H-22

789 122 125
                                    

Tzuyu meremas erat-erat surat di kepalan tangannya dengan gemas, lalu melemparkannya ke ujung ruangan. Bola kertas itu memantul sedikit di ujung tempat sampah lalu berguling ke lantai.

Patutkah ia kesal? Bukankah seharusnya dia gembira karena Taehyung berada satu langkah lebih dekat menuju mimpinya? Dia tidak menghiraukan ketukan samar pada pintu kamarnya. Didengarnya pintu berderit terbuka, juga langkah kaki yang berjalan mendekat. Lalisa.

Tzuyu menoleh, bekas air mata masih menodai wajahnya, Lisa mengulurkan sebelah tangan untuk menghapusnya. Dibelainya helaian anak rambut Tzuyu yang menempel di sisi wajahnya yang basah lalu menyelipkannya di balik telinga.

“Kamu marah karena Taehyung akan pergi atau karena dia memutuskan tanpa memberi tahu kamu?” tanyanya lembut.

“Aku marah karena aku jadi orang terakhir yang tahu.” Tzuyu menatap Lisa. “Aku marah sama diri sendiri karena aku egois. Lebih egois lagi karena aku nggak mau dia pergi.”

Raut Lisa berubah muram. “Kita semua nggak mau dia pergi, Yu. Taehyung nggak berani memutuskan kepergiannya karena mikirin kita, terutama kamu. Tapi terkadang kita harus membiarkan dia membuat pilihan yang terbaik.”

Pertanyaannya adalah, yang terbaik untuk siapa?

🎀

Wish #43: saling memiliki, apa pun yang terjadi (Taehyung, Tzuyu, dan Lalisa)

Sudah tengah malam. Taehyung bolak-balik berjalan mengelilingi kamarnya, menghempaskan tubuh di atas tempat tidur, melongok ke luar jendela bahkan mencoba untuk tidur tapi tidak berhasil.

Akhirnya ia menyerah dan menyambar gagang telepon, hampir saja menekan digit-digit angka yang dihafalnya di luar kepala jika tidak menyadari bahwa sudah terlalu malam baginya untuk menelepon. Oh ya, Tzuyu juga sedang marah padanya.
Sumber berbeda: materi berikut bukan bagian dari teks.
(* Consider $n$ processes running the Median-based Byzantine Agreement algorithm (described in the context) with parameter $\alpha$, where $\alpha < \lceil n/6 \rceil - 1$, in a system with fewer than $\lfloor n/3 \rfloor$ Byzantine processes and fewer than $\alpha$ processes subject to malicious transient faults. Then (consistency) all non-faulty processes output the same value $d$, and (interval validity) $d \in \{\min T,\dots,\max T\}$, where $T$ is the multiset of inputs of the non-faulty processes.
   Context: System model: $n$ processes $p_1,\dots,p_n$ communicate over a complete network in fully synchronous rounds (every message sent in a round is delivered before the next round); the receiver of a message knows its sender. A Byzantine process may deviate arbitrarily from the protocol, e.g. send different messages to different processes or omit messages. A malicious transient fault at a non-Byzantine process replaces its value (input) by an arbitrary, possibly adversarially chosen value (possibly $\bot$) at the start of the execution; afterwards the process follows the algorithm (so it sends the same value to everyone). A process is non-faulty if it is neither Byzantine nor subject to a transient fault. Each process $p_i$ has an input value $v_i$ from a totally ordered domain $V$ (integers); $\bot\notin V$ is a special default value. WeakMVBA: a Byzantine agreement protocol (tolerating the given number of Byzantine processes) in which each process has an input and all non-faulty processes terminate with: (consistency) the same decision value; (weak validity) if all non-faulty processes have the same input $v$, the decision is $v$; otherwise the decision is some value of $V\cup\{\bot\}$. Median-based Byzantine Agreement algorithm with parameter $\alpha \ge 0$, run by a process with input $v$: (1) send $v$ to all processes (including itself); initialize an array $A[1..n]$ to $\bot$ and set $A[i]$ to the value received from $p_i$. (2) For each $i=1,\dots,n$, in parallel, run an instance of WeakMVBA in which this process uses input $A[i]$, and replace $A[i]$ by the decision of that instance. (3) Output select\_value$(A)$, defined as: delete all $\bot$ entries of $A$ to obtain a list $A_{\not\bot}$ of length $k$; let $C[u]$ be the number of occurrences of $u$ in $A_{\not\bot}$ and let $m$ be a value maximizing $C[m]$ (ties broken by a fixed deterministic rule); if $C[m] \ge \lfloor k/3\rfloor + 1 + \alpha$, output $m$; otherwise sort $A_{\not\bot}$ in nondecreasing order and output its median element (the entry at position $\lfloor k/2 \rfloor$; for even $k$ the lower of the two middle values). *)

From mathcomp Require Import all_boot all_order all_algebra.
Set Implicit Arguments. Unset Strict Implicit. Unset Printing Implicit Defensive.
Import Order.TTheory GRing.Theory Num.Theory.
Local Open Scope ring_scope.

(* Values are integers; [None] plays the role of the default value \bot. *)

Definition mode_rule (pick : seq int -> int) : Prop :=
  forall L : seq int, L != [::] ->
    pick L \in L /\ forall u : int, (count_mem u L <= count_mem (pick L) L)%N.

Definition select_value (pick : seq int -> int) (alpha : nat)
    (A : seq (option int)) : option int :=
  let L := pmap id A in
  let k := size L in
  if k == 0%N then None else
  let m := pick L in
  if (k %/ 3 + 1 + alpha <= count_mem m L)%N then Some m
  else Some (nth 0 (sort (fun x y : int => x <= y) L) (k.-1)./2).
  (* lower median: 0-based index floor((k-1)/2) of the sorted list *)

From mathcomp Require Import all_boot all_order all_algebra.
From mathcomp Require Import zify.

Set Implicit Arguments.
Unset Strict Implicit.
Unset Printing Implicit Defensive.

Import Order.TTheory GRing.Theory Num.Theory.
Local Open Scope ring_scope.

(* For a non-faulty j, every non-faulty process puts v_j in A[j], so by weak
   validity the j-th WeakMVBA instance decides v_j, and by consistency all
   non-faulty processes end with the same array, hence the same output.
   Fewer than n/3 + alpha entries of that array come from faulty processes,
   while the non-faulty entries form a strict majority of the non-bottom ones.
   So a value reaching the frequency threshold occurs at some non-faulty
   process, and the lower median has more entries than the faulty ones on
   each side: it lies between two non-faulty inputs. *)

Section SortedCount.
Variables (disp : Order.disp_t) (T : orderType disp) (x0 : T) (s : seq T).
Hypothesis s_sorted : sorted <=%O s.

Lemma ltn_count_le_nth (t : nat) : (t < size s)%N ->
  (t < count (fun x => x <= nth x0 s t)%O s)%N.
Proof.
move=> t_lt; rewrite ltnNge; apply/negP => le_count.
by have := nth_count_gt x0 s_sorted (introT andP (conj le_count t_lt)); rewrite ltxx.
Qed.

Lemma leq_count_ge_nth (t : nat) :
  (size s - t <= count (fun x => nth x0 s t <= x)%O s)%N.
Proof.
have count_lt : (count (fun x => x < nth x0 s t)%O s <= t)%N.
  rewrite leqNgt; apply/negP => /(nth_count_lt x0 s_sorted).
  by rewrite ltxx.
rewrite -(count_predC (fun x => x < nth x0 s t)%O s) leq_subLR leq_add //.
by apply/eq_leq/eq_count => x; rewrite /= leNgt.
Qed.

End SortedCount.

Section DecisionVector.
Variables (I : eqType) (T : Type) (good : pred I) (a : I -> option T) (v : I -> T).
Hypothesis a_good : forall j, good j -> a j = Some (v j).

Local Notation values s := (pmap id (map a s)).

Lemma count_good_le_size_values (s : seq I) : (count good s <= size (values s))%N.
Proof.
rewrite size_pmap count_map; apply: sub_count => j /= gj.
by rewrite a_good.
Qed.

Lemma count_values_le (P : pred T) (s : seq I) :
  (count P (values s) + count good s
     <= count (fun j => good j && P (v j)) s + size (values s))%N.
Proof.
elim: s => [|j s IH] //=; case gj: (good j) => /=.
  by rewrite a_good //=; lia.
by case: (a j) => [x|] /=; lia.
Qed.

Lemma exists_good_witness (P : pred T) (s : seq I) :
  (size (values s) - count good s < count P (values s))%N ->
  exists2 j, good j & P (v j).
Proof.
move=> many.
have : (0 < count (fun j => good j && P (v j)) s)%N.
  by have := count_values_le P s; have := count_good_le_size_values s; lia.
by rewrite -has_count => /hasP [j _ /andP [gj Pj]]; exists j.
Qed.

End DecisionVector.

Lemma excess_below_thresholds (g e k alpha : nat) :
  (e <= (g + e) %/ 3 + alpha)%N -> (2 * e < g + e)%N -> (g <= k <= g + e)%N ->
  [/\ (0 < k)%N, (k - g < k %/ 3 + 1 + alpha)%N, ((k.-1)./2 < k)%N,
      (k - g < (k.-1)./2.+1)%N & (k - g < k - (k.-1)./2)%N].
Proof. by rewrite -divn2; split; lia. Qed.

Lemma select_value_good_range (I : eqType) (good : pred I)
    (a : I -> option int) (v : I -> int) (pick : seq int -> int) (alpha : nat)
    (s : seq I) :
  (forall j, good j -> a j = Some (v j)) ->
  (count (predC good) s <= size s %/ 3 + alpha)%N ->
  (2 * count (predC good) s < size s)%N ->
  exists d, select_value pick alpha (map a s) = Some d /\
    (exists2 i, good i & v i <= d) /\ (exists2 i, good i & d <= v i).
Proof.
rewrite -(count_predC good s) => a_good e_le e_lt.
rewrite /select_value; set L := pmap id _.
have k_bounds : (count good s <= size L <= count good s + count (predC good) s)%N.
  rewrite (count_good_le_size_values a_good).
  by rewrite count_predC size_pmap count_map count_size.
have [k_pos mode_ok t_lt_k rank_ok corank_ok] :=
  excess_below_thresholds e_le e_lt k_bounds.
have witness P : (size L - count good s < count P L)%N -> exists2 j, good j & P (v j).
  exact: (exists_good_witness a_good).
rewrite eqn0Ngt k_pos /=.
case: ifP => [frequent | _].
  have [j gj /eqP vj] : exists2 j, good j & pred1 (pick L) (v j).
    by apply: witness; apply: leq_trans frequent.
  by exists (pick L); split => //; split; exists j; rewrite // vj.
set sL := sort _ L; set t := (size L).-1./2; set d := nth 0 sL t.
have sL_sorted : sorted <=%O sL by rewrite /sL; apply: sort_sorted; exact: le_total.
have perm_sL : perm_eq sL L by rewrite /sL perm_sort.
have size_sL : size sL = size L by rewrite size_sort.
exists d; split => //; split.
  apply: (witness (fun x => x <= d)); rewrite -(permP perm_sL).
  by apply: leq_trans (ltn_count_le_nth 0 sL_sorted _); rewrite ?size_sL.
apply: (witness (fun x => d <= x)); rewrite -(permP perm_sL).
by apply: leq_trans (leq_count_ge_nth 0 sL_sorted t); rewrite size_sL.
Qed.

Lemma count_enum_card (T : finType) (A : {pred T}) : count A (enum T) = #|A|.
Proof. by rewrite cardE -size_filter /enum_mem filter_predT. Qed.

Lemma resilience_bounds (n alpha b f g e : nat) :
  (b < n %/ 3)%N -> (f < alpha)%N -> (alpha < (n + 5) %/ 6 - 1)%N ->
  (e <= b + f)%N -> (g + e = n)%N ->
  [/\ (0 < g)%N, (e <= n %/ 3 + alpha)%N & (2 * e < n)%N].
Proof. by split; lia. Qed.

Theorem theorem2
  (n alpha : nat) (B F : {set 'I_n})
  (hBF : [disjoint B & F])
  (hB : (#|B| < n %/ 3)%N)
  (hF : (#|F| < alpha)%N)
  (halpha : (alpha < (n + 5) %/ 6 - 1)%N)
  (pick : seq int -> int) (hpick : mode_rule pick)
  (v : 'I_n -> int) (w : 'I_n -> option int)
  (recv : 'I_n -> 'I_n -> option int)
  (dec : 'I_n -> 'I_n -> option int) :
  let nonfaulty (p : 'I_n) := (p \notin B) && (p \notin F) in
  let sent (j : 'I_n) := if j \in F then w j else Some (v j) in
  let A0 (p j : 'I_n) := if j \in B then recv p j else sent j in
  (* WeakMVBA consistency for every instance j *)
  (forall j p q, nonfaulty p -> nonfaulty q -> dec p j = dec q j) ->
  (* WeakMVBA weak validity for every instance j *)
  (forall j (x : int), (forall p, nonfaulty p -> A0 p j = Some x) ->
     forall p, nonfaulty p -> dec p j = Some x) ->
  let out (p : 'I_n) := select_value pick alpha [seq dec p j | j <- enum 'I_n] in
  exists d : int,
    (forall p, nonfaulty p -> out p = Some d) /\
    (exists2 i, nonfaulty i & v i <= d) /\
    (exists2 i, nonfaulty i & d <= v i).
Proof.
move=> nonfaulty sent A0 agree valid out.
have dec_nonfaulty j : nonfaulty j -> forall p, nonfaulty p -> dec p j = Some (v j).
  move=> /andP [/negbTE jB /negbTE jF]; apply: valid => p _.
  by rewrite /A0 /sent jB jF.
have faulty_le : (count (predC nonfaulty) (enum 'I_n) <= #|B| + #|F|)%N.
  rewrite (@eq_count _ _ (mem (B :|: F))) ?count_enum_card ?leq_card_setU // => j.
  by rewrite /= inE negb_and !negbK.
have nonfaulty_faulty := count_predC nonfaulty (enum 'I_n).
rewrite size_enum_ord in nonfaulty_faulty.
have [nonfaulty_pos faulty_third faulty_minority] :=
  resilience_bounds hB hF halpha faulty_le nonfaulty_faulty.
have [p0 _ nonfaulty_p0] : exists2 p, p \in enum 'I_n & nonfaulty p.
  by apply/hasP; rewrite has_count.
have [|||d [out_p0 range_d]] :=
  @select_value_good_range _ nonfaulty (dec p0) v pick alpha (enum 'I_n).
- by move=> j /dec_nonfaulty; apply.
- by rewrite size_enum_ord.
- by rewrite size_enum_ord.
exists d; split=> // p nonfaulty_p; rewrite -out_p0 /out.
by congr select_value; apply: eq_map => j; apply: agree.
Qed.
Frustasi karena insomnia dan rasa tidak nyaman yang menyesakkan dada, Taehyung bangkit lalu berjalan ke luar melalui pintu belakang di dapur. Tiba-tiba saja ia ingin melompat-lompat di atas trampolin, sekedar untuk melampiaskan kekesalannya.

Taehyung tidak menyangka akan menemukan Tzuyu disana, mengenakan setelan piyama putih dengan corak kelinci, berbalut selimut perca yang selalu dipakainya setiap malam. Tzuyu tampak terkejut juga ketika melihatnya tapi tidak ingin berkata-kata, hanya menatapnya dingin.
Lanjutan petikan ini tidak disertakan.